Nothing but the lines from the one containing "specialize (hN n" to the end of the data should be returned, each exactly as written.

---- Data provided

Lemma old_child_image_transfer t S S' z : covers name_child t S' ->
  agree_below name_child t S S' -> old_child_image t S z -> old_child_image t S' z.
Proof.
  intros Hc Hag [w [Dw [p [Dp [y [Dy [Htw [HSw Hz]]]]]]]].
  exists w. split; auto. exists p. split; auto. exists y. split; auto. split; auto. split; auto.
  destruct (Hc w (ex_intro _ p Htw)) as [y' Hy']. rewrite (Hag w y y' (ex_intro _ p Htw) HSw Hy').
  exact Hy'.
Qed.

Lemma new_of_old_functional t S S' s s' : D t -> D S -> D S' -> D s -> D s' ->
  covers name_child t S -> covers name_child t S' -> agree_below name_child t S S' ->
  new_of_old t S s -> new_of_old t S' s' -> s = s'.
Proof.
  intros Dt DS DS' Ds Ds' Hc Hc' Hag [[Ht [Hs Hsm]]|[Ht [Hs Hsm]]] [[Ht' [Hs' Hsm']]|[Ht' [Hs' Hsm']]];
    try contradiction; apply set_ext_dom; auto; intros z Dz; rewrite Hsm, Hsm' by auto.
  - reflexivity.
  - split; apply old_child_image_transfer; auto.
    intros w y y' Hw Hy Hy'. symmetry. exact (Hag w y' y Hw Hy' Hy).
Qed.

Lemma new_of_old_total t S : D t -> D S -> exists s, D s /\ new_of_old t S s.
Proof.
  intros Dt DS. destruct (classic (ur t)) as [Ht|Ht].
  - destruct (model_pair t one Dt Honem) as [z0 [Dz0 Hz0]].
    destruct (model_singleton z0 Dz0) as [s [Ds [Hsu Hsm]]]. exists s. split; auto. left.
    split; auto. split; auto. intros z Dz. rewrite Hsm. split.
    + intros ->. auto.
    + intros Hz. exact (is_pair_unique _ _ _ _ Hz Hz0).
  - destruct (model_union_union S DS) as [A [DA HA]].
    destruct (model_union_union t Dt) as [B [DB HB]].
    destruct (model_union2 A B DA DB) as [X [DX [HAX HBX]]].
    destruct (model_pairs_of X DX) as [C [DC HC]].
    destruct (model_sep (old_child_image t S) C) as [s [Ds [Hsu Hsm]]]; auto.
    { unfold old_child_image. definable. }
    exists s. split; auto. right. split; auto. split; auto. intros z Dz. rewrite Hsm.
    split; [tauto|]. intros Hz. split; auto.
    destruct Hz as [w [Dw [p [Dp [y [Dy [Htw [HSw Hz]]]]]]]].
    apply (HC z y p Dz Hz).
    + apply HAX. exact (proj2 (pair_in_union_union _ _ _ _ HA HSw)).
    + apply HBX. exact (proj2 (pair_in_union_union _ _ _ _ HB Htw)).
Qed.

Notation old_attempt := (attempt name_child new_of_old).

Lemma old_attempt_total t : D t -> exists S, D S /\ old_attempt S /\ exists s, pair_in S t s.
Proof.
  apply attempt_total.
  - exact definable_name_child.
  - exact definable_new_of_old.
  - exact name_child_wf.
  - exact name_child_dom.
  - exact name_child_bounded.
  - exact new_of_old_functional.
  - intros t' S Dt DS _ _. exact (new_of_old_total t' S Dt DS).
Qed.
Lemma Un_cv_0_of_le_inv (u : nat -> R) C N :
  (forall n, (N <= n)%nat -> Rabs (u n) <= C * / (INR n + 1)) -> Un_cv u 0.
Proof.
  intros hb. apply (Un_cv_of_close u (fun _ => 0) (fun n => Rabs C * / (INR n + 1)) 0 N).
  - intros n hn. rewrite Rminus_0_r. eapply Rle_trans; [apply hb; auto|].
    apply Rmult_le_compat_r; [apply Rlt_le, RinvN_pos | apply Rle_abs].
  - apply Un_cv_const.
  - replace 0 with (Rabs C * 0) by ring. apply CV_mult; [apply Un_cv_const | exact RinvN_cv].
Qed.

Lemma INR_unbounded y : exists N, forall n, (N <= n)%nat -> y <= INR n.
Proof.
  destruct (archimed y) as [h1 _].
  exists (Z.to_nat (up y)). intros n hn. apply le_INR in hn.
  destruct (Z_le_gt_dec 0 (up y)).
  - rewrite INR_IZR_INZ, Z2Nat.id in hn by lia. lra.
  - pose proof (pos_INR n). assert (IZR (up y) < 0) by (apply IZR_lt; lia). lra.
Qed.

Lemma Un_cv_inv_shifted_ln s a : 0 <= a -> Un_cv (fun n => / (s + ln (INR n + a))) 0.
Proof.
  intros ha eps he.
  destruct (INR_unbounded (exp (/ eps - s) + 1)) as [N hN]. exists N. intros n hn.
  specialize (hN n hn). pose proof (exp_pos (/ eps - s)).
  assert (hl : ln (exp (/ eps - s)) < ln (INR n + a)) by (apply ln_increasing; lra).
  rewrite ln_exp in hl. assert (0 < / eps) by positivity.
  unfold R_dist. rewrite Rminus_0_r, Rabs_pos_eq by (apply Rlt_le; positivity).
  rewrite <- (Rinv_inv eps). apply Rinv_lt_contravar; [positivity | lra].
Qed.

--------

▶ [Problem solution]:
  specialize (hN n hn). pose proof (exp_pos (/ eps - s)).
  assert (hl : ln (exp (/ eps - s)) < ln (INR n + a)) by (apply ln_increasing; lra).
  rewrite ln_exp in hl. assert (0 < / eps) by positivity.
  unfold R_dist. rewrite Rminus_0_r, Rabs_pos_eq by (apply Rlt_le; positivity).
  rewrite <- (Rinv_inv eps). apply Rinv_lt_contravar; [positivity | lra].
Qed.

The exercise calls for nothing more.